### Assignment
Copy out each line below exactly as it appears.

── Data for this exercise

Lemma relu_cases t : (0 <= t /\ relu t = t) \/ (t <= 0 /\ relu t = 0).
Proof.
have [t0|t0] := leP 0 t; [left|right]; first by rewrite ger0_relu.
by rewrite ler0_relu ltW.
Qed.

Lemma relu_pM c t : 0 <= c -> relu (c * t) = c * relu t.
Proof. by move=> c0; rewrite /relu maxr_pMr // mulr0. Qed.

End ReLU.

Ltac case_relu t := case: (relu_cases t) => [[? ->]|[? ->]].

Section Sawtooth.
Context {R : realType}.
Implicit Types a b c t u : R.

Lemma relu_incr_shift {t u b c} : t <= u -> b <= c ->
  relu (u + b) - relu (t + b) <= relu (u + c) - relu (t + c).
Proof.
by move=> tu bc; case_relu (u + b); case_relu (t + b); case_relu (u + c);
  case_relu (t + c); lra.
Qed.

Definition ramp a t : R := relu (t + a) - relu (t - a).

Lemma ramp_incr {a t u} : 0 <= a -> t <= u ->
  0 <= ramp a u - ramp a t <= u - t.
Proof.
move=> a0 tu; rewrite /ramp.
by case_relu (u + a); case_relu (u - a); case_relu (t + a); case_relu (t - a);
  apply/andP; split; lra.
Qed.

Lemma ramp_incr_le {a b t u} : a <= b -> t <= u ->
  ramp a u - ramp a t <= ramp b u - ramp b t.
Proof.
move=> ab tu; rewrite /ramp.
have := relu_incr_shift tu ab.
have : relu (u - b) - relu (t - b) <= relu (u - a) - relu (t - a).
  by apply: relu_incr_shift => //; lra.
lra.
Qed.

Definition alt_ramp (q : nat -> R) m t : R :=
  \sum_(1 <= j < m.+1) (-1) ^+ (j + m) * ramp (q j) t.

Lemma alt_rampS (q : nat -> R) m t :
  alt_ramp q m.+1 t = ramp (q m.+1) t - alt_ramp q m t.
Proof.
rewrite /alt_ramp big_nat_recr //= -signr_odd addnn odd_double mul1r addrC.
congr (_ + _); rewrite -sumrN; apply: eq_bigr => j _.
by rewrite addnS exprS mulN1r mulNr.
Qed.

Lemma alt_ramp_incr {q : nat -> R} m {t u} :
  (forall j, 0 <= q j) -> (forall j, q j <= q j.+1) -> t <= u ->
  0 <= alt_ramp q m u - alt_ramp q m t <= ramp (q m) u - ramp (q m) t.
Proof.
move=> q_ge0 q_incr tu; elim: m => [|m /andP [lo hi]].
  by rewrite /alt_ramp !big_geq // subrr lexx; case/andP: (ramp_incr (q_ge0 0%N) tu).
rewrite !alt_rampS; have := ramp_incr_le (q_incr m) tu.
by move=> le_ramp; apply/andP; split; lra.
Qed.

Definition saw_knot n j : R := (2 * j - 1)%:R / (2 * n)%:R.

Lemma saw_knot_ge0 n j : 0 <= saw_knot n j.
Proof. by rewrite /saw_knot divr_ge0 ?ler0n. Qed.

Lemma saw_knot_incr n j : saw_knot n j <= saw_knot n j.+1.
Proof. by rewrite /saw_knot ler_wpM2r ?invr_ge0 ?ler0n // ler_nat; lia. Qed.

Lemma saw_knot_le1 {n j} : (j <= n)%N -> saw_knot n j <= 1.
Proof.
case: n => [|n] jn; first by rewrite /saw_knot muln0 invr0 mulr0 ler01.
by rewrite /saw_knot ler_pdivrMr ?ltr0n ?muln_gt0 // mul1r ler_nat; lia.
Qed.

Lemma psi_ramp n t :
  psi n t = - (2 * n%:R) * ramp 1 t + 4 * n%:R * alt_ramp (saw_knot n) n t.
Proof.
rewrite /psi (eq_bigr (fun j => (-1) ^+ (j + n) * ramp (saw_knot n j) t)).
  by rewrite /alt_ramp /ramp; ring.
by move=> j _; rewrite /ramp /saw_knot addn1 exprS; ring.
Qed.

────

### Reply to the task
Lemma relu_cases t : (0 <= t /\ relu t = t) \/ (t <= 0 /\ relu t = 0).
Proof.
have [t0|t0] := leP 0 t; [left|right]; first by rewrite ger0_relu.
by rewrite ler0_relu ltW.
Qed.

Lemma relu_pM c t : 0 <= c -> relu (c * t) = c * relu t.
Proof. by move=> c0; rewrite /relu maxr_pMr // mulr0. Qed.

End ReLU.

Ltac case_relu t := case: (relu_cases t) => [[? ->]|[? ->]].

Section Sawtooth.
Context {R : realType}.
Implicit Types a b c t u : R.

Lemma relu_incr_shift {t u b c} : t <= u -> b <= c ->
  relu (u + b) - relu (t + b) <= relu (u + c) - relu (t + c).
Proof.
by move=> tu bc; case_relu (u + b); case_relu (t + b); case_relu (u + c);
  case_relu (t + c); lra.
Qed.

Definition ramp a t : R := relu (t + a) - relu (t - a).

Lemma ramp_incr {a t u} : 0 <= a -> t <= u ->
  0 <= ramp a u - ramp a t <= u - t.
Proof.
move=> a0 tu; rewrite /ramp.
by case_relu (u + a); case_relu (u - a); case_relu (t + a); case_relu (t - a);
  apply/andP; split; lra.
Qed.

Lemma ramp_incr_le {a b t u} : a <= b -> t <= u ->
  ramp a u - ramp a t <= ramp b u - ramp b t.
Proof.
move=> ab tu; rewrite /ramp.
have := relu_incr_shift tu ab.
have : relu (u - b) - relu (t - b) <= relu (u - a) - relu (t - a).
  by apply: relu_incr_shift => //; lra.
lra.
Qed.

Definition alt_ramp (q : nat -> R) m t : R :=
  \sum_(1 <= j < m.+1) (-1) ^+ (j + m) * ramp (q j) t.

Lemma alt_rampS (q : nat -> R) m t :
  alt_ramp q m.+1 t = ramp (q m.+1) t - alt_ramp q m t.
Proof.
rewrite /alt_ramp big_nat_recr //= -signr_odd addnn odd_double mul1r addrC.
congr (_ + _); rewrite -sumrN; apply: eq_bigr => j _.
by rewrite addnS exprS mulN1r mulNr.
Qed.

Lemma alt_ramp_incr {q : nat -> R} m {t u} :
  (forall j, 0 <= q j) -> (forall j, q j <= q j.+1) -> t <= u ->
  0 <= alt_ramp q m u - alt_ramp q m t <= ramp (q m) u - ramp (q m) t.
Proof.
move=> q_ge0 q_incr tu; elim: m => [|m /andP [lo hi]].
  by rewrite /alt_ramp !big_geq // subrr lexx; case/andP: (ramp_incr (q_ge0 0%N) tu).
rewrite !alt_rampS; have := ramp_incr_le (q_incr m) tu.
by move=> le_ramp; apply/andP; split; lra.
Qed.

Definition saw_knot n j : R := (2 * j - 1)%:R / (2 * n)%:R.

Lemma saw_knot_ge0 n j : 0 <= saw_knot n j.
Proof. by rewrite /saw_knot divr_ge0 ?ler0n. Qed.

Lemma saw_knot_incr n j : saw_knot n j <= saw_knot n j.+1.
Proof. by rewrite /saw_knot ler_wpM2r ?invr_ge0 ?ler0n // ler_nat; lia. Qed.

Lemma saw_knot_le1 {n j} : (j <= n)%N -> saw_knot n j <= 1.
Proof.
case: n => [|n] jn; first by rewrite /saw_knot muln0 invr0 mulr0 ler01.
by rewrite /saw_knot ler_pdivrMr ?ltr0n ?muln_gt0 // mul1r ler_nat; lia.
Qed.

Lemma psi_ramp n t :
  psi n t = - (2 * n%:R) * ramp 1 t + 4 * n%:R * alt_ramp (saw_knot n) n t.
Proof.
rewrite /psi (eq_bigr (fun j => (-1) ^+ (j + n) * ramp (saw_knot n j) t)).
  by rewrite /alt_ramp /ramp; ring.
by move=> j _; rewrite /ramp /saw_knot addn1 exprS; ring.
Qed.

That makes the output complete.